Klub Literacki RUBIKON
Klub Literacki RUBIKON

kawalerskie

miasto aniołów

w dolinie dźwięków

pręży się w czarnej

przyciasnej koszulce

i zarzuca blond bujne włosy

w światła laserów

 

zna wartość pensji kowalskiego

i wodzi go na pokuszenie

przed nim samym zmyślonym

wśród jemu podobnych

 

tombak zawsze udawał złoto

można to zrozumieć

szkoda tylko że złoto

nie udaje człowieka

 

taksówka nad ranem

ma w dupie te dywagacje

dopóki siedzenia

będą czyste

 

a resztę oleje

pijacki sen

 


autor: Adam Jakubiak
ostatnia modyfikacja: 2017-08-20




Ta praca należy do kategorii:




Średnia ocena pracy to:
Ilość głosów: 0

Zaloguj się aby mieć możliwość oceniania prac.



Komentarze (7):


7. 2017-08-22

Dziękuję za czytanie i komentarz 

Pozdrawiam serdecznie 


Podpis: Adam Jakubiak



6. 2017-08-21

Też podoba mi się ten wiersz.
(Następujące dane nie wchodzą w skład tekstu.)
(* Let $n$ be an odd positive integer and let $i_1,\dots,i_s$ with $0\le i_1<\dots<i_s\le n-1$ be integers no two of which belong to the same cyclotomic coset modulo $n$. Let $g$ be a positive integer with $(2^g-1)\mid n$. Suppose there exists an integer $r$ with $0<r<2^g-1$ and $\gcd(r,2^g-1)=1$ such that all of $i_1,\dots,i_s$ lie in $\mathcal{C}_r^{(2^g-1)}$, i.e. each $i_t \bmod (2^g-1)$ belongs to $\{r2^k\bmod(2^g-1):k\ge0\}$. Then the binary cyclic code of length $n$ with generator polynomial $\prod_{t=1}^{s}M_{i_t}(x)$ has minimum distance $d\le 3$. If moreover $\gcd(n,i_1,\dots,i_s)=1$, then $d=3$.
   Context: For odd $n$, $\alpha$ denotes a primitive $n$th root of unity in an extension field of $\mathbb{F}_2$. The cyclotomic coset of $r$ modulo $N$ (over $\mathbb{F}_2$) is $\mathcal{C}_r^{(N)}=\{r2^k \bmod N: k=0,1,\dots\}$. $M_i(x)=\prod_{t\in\mathcal{C}_i^{(n)}}(x-\alpha^t)\in\mathbb{F}_2[x]$ is the minimal polynomial of $\alpha^i$. The binary cyclic code with generator polynomial $G(x)\mid x^n-1$ is $\{c(x)\in\mathbb{F}_2[x]/(x^n-1): G(x)\mid c(x)\}$. *)

From HB Require Import structures.
From mathcomp Require Import all_boot all_order all_algebra.
Set Implicit Arguments. Unset Strict Implicit. Unset Printing Implicit Defensive.
Import GRing.Theory.
Local Open Scope ring_scope.

(* Since the multiplicative order of 2 mod odd N is <= N, it
   suffices to let k range over 0..N-1 (for N >= 1). *)
Definition in_cyc_coset (N r j : nat) : bool :=
  [exists k : 'I_N, ((r * 2 ^ k) %% N == j)%N].

Definition minpoly_i (F : fieldType) (alpha : F) (n i : nat) : {poly F} :=
  \prod_(t < n | in_cyc_coset n i t) ('X - (alpha ^+ t)%:P).

(* A binary word of length n and its polynomial c(x) = sum_j c_j x^j
   (the representative of degree < n in F_2[x]/(x^n-1), viewed in F[x]). *)
Definition word_poly (F : fieldType) (n : nat) (c : {ffun 'I_n -> bool}) : {poly F} :=
  \sum_(j < n) (nat_of_bool (c j))%:R *: 'X^j.

Definition cyclic_code (F : fieldType) (n : nat) (G : {poly F}) : {set {ffun 'I_n -> bool}} :=
  [set c : {ffun 'I_n -> bool} | G %| word_poly F c].

Definition weight (n : nat) (c : {ffun 'I_n -> bool}) : nat := #|[set j | c j]|.

(* Minimum (Hamming) distance = minimum weight of a nonzero codeword
   (convention: n if the code has no nonzero codeword). *)
Definition min_dist (n : nat) (C : {set {ffun 'I_n -> bool}}) : nat :=
  \big[minn/n]_(c in C | c != [ffun => false]) weight c.

From HB Require Import structures.
From mathcomp Require Import all_boot all_order all_algebra cyclic.

(* Let m = 2^g - 1 and q = n / m.  Then gamma = alpha^(q r) is a primitive m-th
   root of unity, and in characteristic 2 we have (1 + gamma)^(2^g) = 1 + gamma,
   so 1 + gamma = gamma^w for some 1 < w < m.  Every zero of the generator is
   some alpha^(i_t 2^k), and since i_t = r 2^k' modulo m, its q-th power is a
   conjugate gamma^(2^K).  Hence the weight-3 word 1 + x^q + x^(q w) vanishes
   there, its value being (1 + gamma + gamma^w)^(2^K) = 0.  Conversely, a word
   x^j + x^k vanishing at every alpha^(i_t) forces n | i_t (k - j) for all t,
   so n | k - j when gcd(n, i_1, ..., i_s) = 1; and x^j never vanishes. *)

Set Implicit Arguments.
Unset Strict Implicit.
Unset Printing Implicit Defensive.

Import Order.TTheory GRing.Theory.

Lemma totient_leq n : totient n <= n.
Proof.
rewrite totient_count_coprime -[leqRHS](card_ord n) -sum1_card big_mkord.
by apply: leq_sum => j _; apply: leq_b1.
Qed.

Lemma expn2_mod_totient n k : odd n -> 2 ^ k = 2 ^ (k %% totient n) %[mod n].
Proof.
move=> n_odd; have cop2n : coprime 2 n by rewrite coprime_sym coprimen2.
rewrite {1}(divn_eq k (totient n)) expnD [_ * totient n]mulnC expnM -modnMml -modnXm.
by rewrite Euler_exp_totient // modnXm exp1n modnMml mul1n.
Qed.

Lemma in_cyc_cosetP N r j :
  odd N -> reflect (exists k, (r * 2 ^ k) %% N = j) (in_cyc_coset N r j).
Proof.
move=> N_odd; apply: (iffP existsP) => [[k /eqP <-]|[k <-]]; first by exists k.
have lt_kN : k %% totient N < N.
  by rewrite (leq_trans _ (totient_leq N)) // ltn_mod totient_gt0 odd_gt0.
by exists (Ordinal lt_kN); rewrite /= -modnMmr -expn2_mod_totient // modnMmr.
Qed.

Lemma in_cyc_coset_refl N j : j < N -> in_cyc_coset N j j.
Proof.
move=> lt_jN; apply/existsP; exists (Ordinal (leq_ltn_trans (leq0n j) lt_jN)).
by rewrite /= muln1 modn_small.
Qed.

Lemma in_cyc_coset_trans N a b t : odd N -> b < N ->
  in_cyc_coset N a t -> in_cyc_coset N b t -> in_cyc_coset N a b.
Proof.
move=> N_odd lt_bN /(in_cyc_cosetP _ _ N_odd)[k atk] /(in_cyc_cosetP _ _ N_odd)[l btl].
(* 2^(l phi) = 1 mod N, so b = (b 2^l) 2^(l (phi - 1)) = a 2^(k + l (phi - 1)). *)
apply/(in_cyc_cosetP _ _ N_odd); exists (k + l * (totient N).-1).
have phi_gt0 : 0 < totient N by rewrite totient_gt0 odd_gt0.
rewrite -[b in RHS](modn_small lt_bN).
have -> : b = (b * 2 ^ l) * 2 ^ (l * (totient N).-1) %[mod N].
  rewrite -mulnA -expnD -{1}(muln1 l) -mulnDr add1n prednK // -modnMmr.
  by rewrite expn2_mod_totient // modnMl expn0 modnMmr muln1.
by rewrite -[RHS]modnMml btl -atk modnMml expnD mulnA.
Qed.

Lemma eqn_mod_big_gcdn n s (I : 'I_s -> nat) j k :
  coprime n (\big[gcdn/0]_(a < s) I a) ->
  (forall a, I a * j = I a * k %[mod n]) -> j = k %[mod n].
Proof.
wlog le_jk : j k / j <= k => [wlog_jk cop eqI|].
  by case: (leqP j k) => [|/ltnW] /wlog_jk -> // a; rewrite eqI.
move=> cop eqI; apply/eqP; rewrite eq_sym eqn_mod_dvd // -(Gauss_dvdr _ cop).
elim/big_ind: _ => [|x y|a _]; first by rewrite mul0n dvdn0.
  by rewrite muln_gcdl dvdn_gcd => -> ->.
by rewrite mulnBr -eqn_mod_dvd ?leq_mul2l ?le_jk ?orbT // eqI.
Qed.

Local Open Scope ring_scope.

Lemma prod_big_disjoint (R : comNzRingType) s n (P : 'I_s -> pred 'I_n)
    (G : 'I_n -> R) :
  (forall a b t, P a t -> P b t -> a = b) ->
  \prod_(a < s) \prod_(t < n | P a t) G t = \prod_(t < n | [exists a, P a t]) G t.
Proof.
move=> P_disj; under eq_bigr do rewrite big_mkcond.
rewrite exchange_big [RHS]big_mkcond; apply: eq_bigr => t _.
case: existsP => [[a Pat]|noPt].
  rewrite (bigD1 a) //= Pat big1 ?mulr1 // => b neq_ba.
  by case: ifP => // Pbt; rewrite (P_disj _ _ _ Pbt Pat) eqxx in neq_ba.
by rewrite big1 // => a _; case: ifP => // Pat; case: noPt; exists a.
Qed.

Lemma prod_XsubC_prim_expr_dvdp (F : fieldType) n (alpha : F) (Q : pred 'I_n)
    (p : {poly F}) :
  n.-primitive_root alpha -> (forall t : 'I_n, Q t -> root p (alpha ^+ t)) ->
  \prod_(t < n | Q t) ('X - (alpha ^+ t)%:P) %| p.
Proof.
move=> alpha_prim rootQ; set rs := [seq alpha ^+ val t | t <- enum Q].
have rs_roots : all (root p) rs.
  by apply/allP => x /mapP[t]; rewrite mem_enum => Qt ->; apply: rootQ.
have rs_uniq : uniq_roots rs.
  rewrite uniq_rootsE map_inj_in_uniq ?enum_uniq // => t u _ _ /eqP.
  by rewrite (eq_prim_root_expr alpha_prim) !modn_small ?ltn_ord // => /eqP/val_inj.
have [q ->] := uniq_roots_prod_XsubC rs_roots rs_uniq.
by rewrite big_map big_enum dvdp_mulIr.
Qed.

Lemma exp2nD_pchar2 (R : comNzRingType) (x y : R) K :
  2 \in [pchar R] -> (x + y) ^+ (2 ^ K) = x ^+ (2 ^ K) + y ^+ (2 ^ K).
Proof.
by move=> charR; apply: exprDn_pchar; rewrite pnatX (pnatE _ (isT : prime 2)) charR.
Qed.

(* (1 + z)^(2^g) = 1 + z^(2^g) = 1 + z, so 1 + z is an m-th root of unity. *)
Lemma addr1_prim_root_expr (F : fieldType) g (z : F) :
  2 \in [pchar F] -> (1 < 2 ^ g - 1)%N -> (2 ^ g - 1).-primitive_root z ->
  exists2 w : 'I_(2 ^ g - 1), (1 < w)%N & 1 + z = z ^+ w.
Proof.
move=> charF; set m := (2 ^ g - 1)%N => m_gt1 z_prim.
have m1E : (2 ^ g = m.+1)%N by rewrite /m subn1 prednK ?expn_gt0.
have z_neq0 : z != 0 by rewrite (prim_root_eq0 z_prim) gtn_eqF // ltnW.
have z1_neq0 : 1 + z != 0.
  rewrite addr_eq0 (oppr_pchar2 charF) eq_sym -[z]expr1 -(prim_order_dvd z_prim).
  by rewrite dvdn1 gtn_eqF.
have z1_unity : (1 + z) ^+ m = 1.
  apply: (mulIf z1_neq0); rewrite mul1r -exprSr -m1E exp2nD_pchar2 // expr1n.
  by rewrite m1E exprS prim_expr_order // mulr1.
have [w z1E] := prim_rootP z_prim z1_unity; exists w => //.
case: w z1E => -[|[|w]] //= _ /eqP; last by rewrite expr1 -subr_eq0 addrK oner_eq0.
by rewrite expr0 -subr_eq0 addrAC subrr add0r (negPf z_neq0).
Qed.

Lemma expr_cyc_coset (R : nzRingType) m (beta : R) r j :
  beta ^+ m = 1 -> in_cyc_coset m r (j %% m) ->
  exists K, beta ^+ j = (beta ^+ r) ^+ (2 ^ K).
Proof.
move=> beta_m /existsP[k /eqP rkE]; exists k.
by rewrite -exprM -(expr_mod (r * 2 ^ k) beta_m) rkE expr_mod.
Qed.

Lemma horner_word_poly (F : fieldType) n (c : {ffun 'I_n -> bool}) (x : F) :
  (word_poly F c).[x] = \sum_(j in [set j | c j]) x ^+ j.
Proof.
rewrite horner_sum [RHS]big_mkcond; apply: eq_bigr => j _.
by rewrite hornerZ hornerXn inE; case: (c j); rewrite ?scale1r ?mul1r ?mul0r.
Qed.

Lemma weight_eq0 n (c : {ffun 'I_n -> bool}) :
  (weight c == 0%N) = (c == [ffun => false]).
Proof.
rewrite /weight cards_eq0; apply/eqP/eqP => [c0|->]; last first.
  by apply/setP => j; rewrite !inE ffunE.
by apply/ffunP => j; rewrite ffunE; apply/negbTE; rewrite -[c j]inE c0 inE.
Qed.

Lemma min_dist_leq n (C : {set {ffun 'I_n -> bool}}) c :
  c \in C -> c != [ffun => false] -> (min_dist C <= weight c)%N.
Proof.
by move=> cC c_neq0; apply: (bigmin_le_cond n); rewrite cC.
Qed.

Lemma leq_min_dist n (C : {set {ffun 'I_n -> bool}}) k : (k <= n)%N ->
  (forall c, c \in C -> c != [ffun => false] -> k <= weight c)%N ->
  (k <= min_dist C)%N.
Proof.
move=> k_le_n k_le_wt; rewrite /min_dist.
by apply: (@le_bigmin _ _ _ _ (fun c => weight c)) => // c /andP[]; apply: k_le_wt.
Qed.

Lemma trinomial_word (F : fieldType) n q w :
  (0 < q)%N -> (1 < w)%N -> (q * w < n)%N ->
  exists2 c : {ffun 'I_n -> bool}, weight c = 3%N &
    forall x : F, (word_poly F c).[x] = 1 + x ^+ q + x ^+ (q * w).
Proof.
move=> q_gt0 w_gt1 qw_lt_n.
have q_lt_qw : (q < q * w)%N by rewrite ltn_Pmulr.
have q_lt_n : (q < n)%N := ltn_trans q_lt_qw qw_lt_n.
have n_gt0 : (0 < n)%N := ltn_trans q_gt0 q_lt_n.
set j0 := Ordinal n_gt0; set jq := Ordinal q_lt_n; set jqw := Ordinal qw_lt_n.
have j0_neq_q : j0 != jq by rewrite -val_eqE /= eq_sym -lt0n.
have j0_neq_qw : j0 != jqw by rewrite -val_eqE /= eq_sym -lt0n (ltn_trans q_gt0).
have jq_neq_qw : jq != jqw by rewrite -val_eqE /= ltn_eqF.
pose A := j0 |: (jq |: [set jqw]).
have suppA : [set j | [ffun j => j \in A] j] = A.
  by apply/setP => j; rewrite inE ffunE.
exists [ffun j => j \in A].
  rewrite /weight suppA /A !cardsU1 cards1 !inE.
  by rewrite (negPf j0_neq_q) (negPf j0_neq_qw) (negPf jq_neq_qw).
move=> x; rewrite horner_word_poly suppA /A !big_setU1 ?big_set1 /= ?expr0 ?addrA //.
  by rewrite inE.
by rewrite !inE negb_or j0_neq_q.
Qed.

Section BinaryCyclicCode.

Variables (F : fieldType) (n : nat) (alpha : F) (s : nat) (i : 'I_s -> nat).
Hypothesis alpha_prim : n.-primitive_root alpha.
Hypothesis i_lt_n : forall a, (i a < n)%N.

Local Notation code := (cyclic_code n (\prod_(a < s) minpoly_i alpha n (i a))).

Lemma root_code c a : c \in code -> root (word_poly F c) (alpha ^+ i a).
Proof.
rewrite inE -dvdp_XsubCl => /(dvdp_trans _); apply.
rewrite (bigD1 a) // dvdp_mulr // /minpoly_i (bigD1 (Ordinal (i_lt_n a))) /=.
  by rewrite dvdp_mulIl.
exact: in_cyc_coset_refl.
Qed.

Lemma prod_minpoly_i_dvdp p : odd n ->
    (forall a b, a != b -> ~~ in_cyc_coset n (i a) (i b)) ->
    (forall a k, root p (alpha ^+ (i a * 2 ^ k))) ->
  \prod_(a < s) minpoly_i alpha n (i a) %| p.
Proof.
move=> n_odd i_cosets rootp; rewrite /minpoly_i prod_big_disjoint.
  apply: prod_XsubC_prim_expr_dvdp => // t.
  by case/existsP=> a /(in_cyc_cosetP _ _ n_odd)[k <-]; rewrite prim_expr_mod.
move=> a b t iat ibt; apply/eqP; case: eqVneq => // /i_cosets/negP[].
exact: in_cyc_coset_trans n_odd (i_lt_n b) iat ibt.
Qed.

Lemma code_weight_ge3 c : 2 \in [pchar F] -> (0 < s)%N ->
    coprime n (\big[gcdn/0%N]_(a < s) i a) ->
  c \in code -> c != [ffun => false] -> (3 <= weight c)%N.
Proof.
move=> charF s_gt0 cop cC c_neq0.
have c_root a : \sum_(j in [set j | c j]) (alpha ^+ i a) ^+ j = 0.
  by rewrite -horner_word_poly; apply/rootP/root_code.
have alpha_neq0 : alpha != 0.
  by rewrite (prim_root_eq0 alpha_prim) -lt0n (prim_order_gt0 alpha_prim).
rewrite /weight ltnNge; apply/negP; rewrite leq_eqVlt ltnS leq_eqVlt ltnS leqn0.
case/or3P => [/cards2P[j [k [neq_jk suppE]]] | /cards1P[j suppE] | supp0].
- have jk_mod : j = k %[mod n].
    apply: (eqn_mod_big_gcdn cop) => a; apply/eqP.
    rewrite -(eq_prim_root_expr alpha_prim) !exprM.
    move: (c_root a); rewrite suppE big_setU1 ?big_set1 ?inE //= => /eqP.
    by rewrite addr_eq0 (oppr_pchar2 charF).
  move: jk_mod; rewrite !modn_small // => /val_inj eq_jk.
  by rewrite eq_jk eqxx in neq_jk.
- have := c_root (Ordinal s_gt0); rewrite suppE big_set1 => /eqP.
  by rewrite !expf_eq0 (negPf alpha_neq0) !andbF.
- by case/negP: c_neq0; rewrite -weight_eq0.
Qed.

Lemma exists_code_weight3 g r : 2 \in [pchar F] -> odd n ->
    (forall a b, a != b -> ~~ in_cyc_coset n (i a) (i b)) ->
    (2 ^ g - 1 %| n)%N -> (0 < r)%N -> (r < 2 ^ g - 1)%N ->
    coprime r (2 ^ g - 1) ->
    (forall a, in_cyc_coset (2 ^ g - 1) r (i a %% (2 ^ g - 1))) ->
  exists2 c, c \in code & weight c = 3%N.
Proof.
move=> charF n_odd i_cosets m_dvd_n r_gt0 r_lt_m r_cop i_in_r.
have m_gt1 : (1 < 2 ^ g - 1)%N := leq_ltn_trans r_gt0 r_lt_m.
set m := (2 ^ g - 1)%N in m_dvd_n r_lt_m r_cop i_in_r m_gt1.
set q := (n %/ m)%N.
have q_gt0 : (0 < q)%N by rewrite divn_gt0 ?(ltnW m_gt1) // (dvdn_leq (odd_gt0 n_odd)).
have beta_prim : m.-primitive_root (alpha ^+ q) := dvdn_prim_root alpha_prim m_dvd_n.
pose gamma := alpha ^+ q ^+ r.
have gamma_prim : m.-primitive_root gamma by rewrite prim_root_exp_coprime.
have [w w_gt1 gammaE] := addr1_prim_root_expr charF m_gt1 gamma_prim.
have qw_lt_n : (q * w < n)%N by rewrite -[ltnRHS](divnK m_dvd_n) ltn_pmul2l.
have [c wt_c c_horner] := trinomial_word F q_gt0 w_gt1 qw_lt_n.
exists c => //; rewrite inE; apply: prod_minpoly_i_dvdp => // a k.
have [K betaE] := expr_cyc_coset (prim_expr_order beta_prim) (i_in_r a).
have xqE : (alpha ^+ (i a * 2 ^ k)) ^+ q = gamma ^+ (2 ^ (K + k)).
  by rewrite -exprM mulnC exprM exprM betaE expnD exprM.
rewrite /root c_horner [_ ^+ (q * w)]exprM xqE exprAC -[1](expr1n _ (2 ^ (K + k))).
by rewrite -!exp2nD_pchar2 // -gammaE addrr_pchar2 // expr0n expn_eq0.
Qed.

End BinaryCyclicCode.

Theorem theorem4 (F : fieldType) (charF : (2 \in [pchar F])%N)
  (n : nat) (alpha : F) (n_odd : odd n) (n_pos : (0 < n)%N)
  (alpha_prim : n.-primitive_root alpha)
  (s : nat) (s_pos : (0 < s)%N) (i : 'I_s -> nat)
  (i_lt_n : forall a, (i a < n)%N)
  (i_incr : forall a b : 'I_s, (a < b)%N -> (i a < i b)%N)
  (i_cosets : forall a b : 'I_s, a != b -> ~~ in_cyc_coset n (i a) (i b))
  (g : nat) (g_pos : (0 < g)%N) (g_div : (2 ^ g - 1 %| n)%N)
  (r : nat) (r_pos : (0 < r)%N) (r_lt : (r < 2 ^ g - 1)%N)
  (r_cop : coprime r (2 ^ g - 1))
  (i_in_r : forall a, in_cyc_coset (2 ^ g - 1) r (i a %% (2 ^ g - 1))) :
  let C := cyclic_code n (\prod_(a < s) minpoly_i alpha n (i a)) in
  (min_dist C <= 3)%N /\
  (gcdn n (\big[gcdn/0%N]_(a < s) i a) = 1%N -> min_dist C = 3%N).
Proof.
move=> C.
have [c cC wt_c] := exists_code_weight3 alpha_prim i_lt_n charF n_odd i_cosets
  g_div r_pos r_lt r_cop i_in_r.
have c_neq0 : c != [ffun => false] by rewrite -weight_eq0 wt_c.
have d_le3 : (min_dist C <= 3)%N by rewrite -wt_c min_dist_leq.
split=> // gcd1; apply/eqP; rewrite eqn_leq d_le3 leq_min_dist //.
  by rewrite -wt_c (leq_trans (max_card _)) ?card_ord.
by move=> d; apply: code_weight_ge3; rewrite // /coprime gcd1.
Qed.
Nie rozwinę myśli, bo nie wiem co dodać do słów Fanki1, wszystko napisane. Może tylko to, że zakończenie wiersza nieodparcie podsunęło mi w głowie słowa klasyka: „A ty z tej próżni czemu drwisz, kiedy ta próżnia nie drwi z ciebie?”. Nie wiem czemu, ale tak mi przyszło do głowy :)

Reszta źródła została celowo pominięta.